***** DATASET RECORDS *****

(* Let $n\ge 2$, $\gamma\in\,]0,1]$, and let $\varphi:\mathbb{R}^{n-1}\to\mathbb{R}$ be Hölder continuous with exponent $\gamma$, i.e. $|\varphi(\bar x)-\varphi(\bar y)|\le M|\bar x-\bar y|^{\gamma}$ for all $\bar x,\bar y\in\mathbb{R}^{n-1}$ and some $M\ge 0$; let $\mathrm{Lip}_\gamma\varphi$ denote the best such constant $M$. Let $$\Omega=\{x=(\bar x,x_n)\in\mathbb{R}^n:\ x_n<\varphi(\bar x)\}.$$ Then for all $x\in\overline{\Omega}$ and all $h>0$, $$C_\gamma(x,h,\mathrm{Lip}_\gamma\varphi)\subset\Omega .$$ Moreover, there exists $c>0$ depending only on $n$, $\gamma$ and $\mathrm{Lip}_\gamma\varphi$ such that $$|B_\gamma(x,r)\cap\Omega|\ge c\, r^{n_\gamma}\qquad\text{for all } x\in\overline{\Omega}\text{ and all } r>0 .$$
   Context: Points of $\mathbb{R}^n$ are written $x=(\bar x,x_n)$ with $\bar x\in\mathbb{R}^{n-1}$, $x_n\in\mathbb{R}$. For $\gamma\in\,]0,1]$, $\delta_\gamma(x,y)=\max\{|\bar x-\bar y|^\gamma,|x_n-y_n|\}$ and $B_\gamma(x,r)=\{y\in\mathbb{R}^n:\delta_\gamma(x,y)<r\}=\{y:\ |\bar x-\bar y|<r^{1/\gamma},\ |x_n-y_n|<r\}$. Set $n_\gamma=\frac{n-1}{\gamma}+1$. For $x\in\mathbb{R}^n$, $h>0$, $M\ge0$, the cusp with exponent $\gamma$, vertex $x$, height $h$ and opening $M$ is $C_\gamma(x,h,M)=\{y\in\mathbb{R}^n:\ x_n-h<y_n<x_n-M|\bar y-\bar x|^\gamma\}$. $|\cdot|$ of a set denotes Lebesgue measure. *)

From HB Require Import structures.
From mathcomp Require Import all_boot all_order all_algebra.
From mathcomp Require Import all_classical all_reals all_analysis.
Set Implicit Arguments. Unset Strict Implicit. Unset Printing Implicit Defensive.
Import Order.TTheory GRing.Theory Num.Theory.
Import numFieldNormedType.Exports.
Local Open Scope classical_set_scope.
Local Open Scope ring_scope.

(* Points of R^n, n = m.+1, are pairs (xbar, x_n) with xbar : 'rV[R]_m
   (i.e. R^(n-1)) and x_n : R.  The topology is the product topology. *)
Notation pt R m := (('rV[R]_m * R)%type).

Section Defs.
Variables (R : realType) (m : nat).

Definition enorm (v : 'rV[R]_m) : R := Num.sqrt (\sum_(i < m) (v 0 i) ^+ 2).

Definition holder_with (g M : R) (phi : 'rV[R]_m -> R) : Prop :=
  forall xb yb : 'rV[R]_m, `|phi xb - phi yb| <= M * powR (enorm (xb - yb)) g.

Definition is_holder (g : R) (phi : 'rV[R]_m -> R) : Prop :=
  exists M, 0 <= M /\ holder_with g M phi.

Definition Lip (g : R) (phi : 'rV[R]_m -> R) : R :=
  inf [set M : R | 0 <= M /\ holder_with g M phi].

Definition Omega (phi : 'rV[R]_m -> R) : set (pt R m) :=
  [set x | x.2 < phi x.1].

Definition Bg (g : R) (x : pt R m) (r : R) : set (pt R m) :=
  [set y | powR (enorm (x.1 - y.1)) g < r /\ `|x.2 - y.2| < r].

Definition cusp (g : R) (x : pt R m) (h M : R) : set (pt R m) :=
  [set y | x.2 - h < y.2 /\ y.2 < x.2 - M * powR (enorm (y.1 - x.1)) g].

(* Lebesgue (outer) measure on R^n = R^(n-1) x R, via countable covers by
   half-open boxes [a, b[. *)
Definition box (a b : pt R m) : set (pt R m) :=
  [set x : pt R m | (forall i, a.1 0 i <= x.1 0 i < b.1 0 i) /\ a.2 <= x.2 < b.2].

Definition box_vol (a b : pt R m) : R :=
  (\prod_(i < m) Num.max 0 (b.1 0 i - a.1 0 i)) * Num.max 0 (b.2 - a.2).

Definition leb (A : set (pt R m)) : \bar R :=
  ereal_inf [set s : \bar R | exists a b : nat -> pt R m,
     A `<=` \bigcup_k box (a k) (b k) /\
     s = (\sum_(0 <= k <oo) (box_vol (a k) (b k))%:E)%E].

End Defs.

From HB Require Import structures.
From mathcomp Require Import all_boot all_order all_algebra.
From mathcomp Require Import all_classical all_reals all_analysis.
From mathcomp Require Import measurable_realfun lra ring.
Set Implicit Arguments. Unset Strict Implicit. Unset Printing Implicit Defensive.
Import Order.TTheory GRing.Theory Num.Theory.
Import numFieldNormedType.Exports.
Local Open Scope classical_set_scope.
Local Open Scope ring_scope.

(* Since phi is Hoelder, the closure of Omega lies below the graph of phi, and
   for such x every point y of the cusp satisfies
   y_n < x_n - L |ybar - xbar|^g <= phi xbar - L |ybar - xbar|^g <= phi ybar.
   For the measure bound take rho = r / (4 (L + 1)), so that L rho <= r/4 and
   rho <= r/4.  The box with base the cube of half-side rho^(1/g) / (m+1)
   around xbar (on which |ybar - xbar|^g < rho) and heights in
   [x_n - r/2, x_n - r/4[ lies in the cusp C_g(x, r, L) and in B_g(x, r), and
   its volume is c r^(m/g + 1).  As Lebesgue outer measure is defined through
   countable box covers, it remains to show that the volume of a box never
   exceeds the total volume of a cover; this is done by integrating indicator
   functions one coordinate at a time against Lebesgue measure on the line. *)

Section interval_covers.
Variable R : realType.
Local Open Scope ereal_scope.

Lemma indic_itvco (a b t : R) : \1_`[a, b[ t = (a <= t < b)%R%:R :> R.
Proof. by rewrite indicE mem_setE in_itv. Qed.

Lemma measurable_scaled_indic_itvco (C a b : R) :
  measurable_fun setT (fun t : R => (C * \1_`[a, b[ t)%:E).
Proof. by apply/measurable_EFinP; apply: measurable_funM. Qed.

Lemma integral_scaled_indic_itvco (C a b : R) : (0 <= C)%R ->
  \int[@lebesgue_measure R]_(t in setT) (C * \1_`[a, b[ t)%:E =
  (C * Num.max 0 (b - a))%:E.
Proof.
move=> C0.
have /= -> := @integralZl_indic _ _ _ (@lebesgue_measure R) setT measurableT
  (fun=> `[a, b[%classic) C.
- rewrite integral_indic // setIT.
  have /= -> := lebesgue_measure_itv `[a, b[; rewrite lte_fin.
  have [ab|ba] := ltP a b; first by rewrite -EFinB -EFinM max_r // subr_ge0 ltW.
  by rewrite max_l ?mulr0 ?subr_le0 ?mule0.
- by move=> /(le_lt_trans C0); rewrite ltxx.
- exact: measurable_itv.
Qed.

Lemma weighted_itvco_cover_le (C a b : R) (W A B : nat -> R) :
  (0 <= C)%R -> (forall j, 0 <= W j)%R ->
  (forall t, (C * \1_`[a, b[ t)%:E <=
             \sum_(0 <= j <oo) (W j * \1_`[A j, B j[ t)%:E) ->
  (C * Num.max 0 (b - a))%:E <= \sum_(0 <= j <oo) (W j * Num.max 0 (B j - A j))%:E.
Proof.
move=> C0 W0 cover.
rewrite -integral_scaled_indic_itvco //.
under eq_eseriesr do rewrite -integral_scaled_indic_itvco //.
rewrite -integral_nneseries //; last first.
- by move=> j t _; rewrite lee_fin mulr_ge0.
- by move=> j; exact: measurable_scaled_indic_itvco.
apply: ge0_le_integral => //.
- by move=> t _; rewrite lee_fin mulr_ge0.
- exact: measurable_scaled_indic_itvco.
- apply: ge0_emeasurable_sum => [j t _ _|j _].
    by rewrite lee_fin mulr_ge0.
  exact: measurable_scaled_indic_itvco.
Qed.

End interval_covers.

Lemma nneseries_term_le (R : realType) (u : nat -> \bar R) k :
  (forall n, 0 <= u n)%E -> (u k <= \sum_(0 <= i <oo) u i)%E.
Proof.
move=> u0; apply: le_trans (nneseries_lim_ge k.+1 (fun n _ _ => u0 n)).
by rewrite big_nat_recr //= lee_paddl // sume_ge0.
Qed.

Lemma indic_le_cover (R : realType) (T : Type) (A : set T) (B : nat -> set T)
    (y : T) :
  A `<=` \bigcup_k B k ->
  ((\1_A y : R)%:E <= \sum_(0 <= k <oo) (\1_(B k) y : R)%:E)%E.
Proof.
move=> AB; have [Ay|nAy] := boolP (y \in A); last first.
  by rewrite indicE (negbTE nAy) nneseries_ge0 // => k _ _; rewrite lee_fin.
have [k _ Bky] := AB y (set_mem Ay).
apply: le_trans (nneseries_term_le k _); last by move=> n; rewrite lee_fin.
by rewrite !indicE Ay mem_set.
Qed.

Section rectangle_covers.
Variables (R : realType) (m : nat).
Local Open Scope ereal_scope.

*****

__WHAT THE EXERCISE ASKS__. Could you retype exactly the lines above, starting at the line that contains "Lemma indic_itvco (a" and ending at the line that contains "measurable_fun setT (fun", and nothing more?

__REPLY__.
Lemma indic_itvco (a b t : R) : \1_`[a, b[ t = (a <= t < b)%R%:R :> R.
Proof. by rewrite indicE mem_setE in_itv. Qed.

Lemma measurable_scaled_indic_itvco (C a b : R) :
  measurable_fun setT (fun t : R => (C * \1_`[a, b[ t)%:E).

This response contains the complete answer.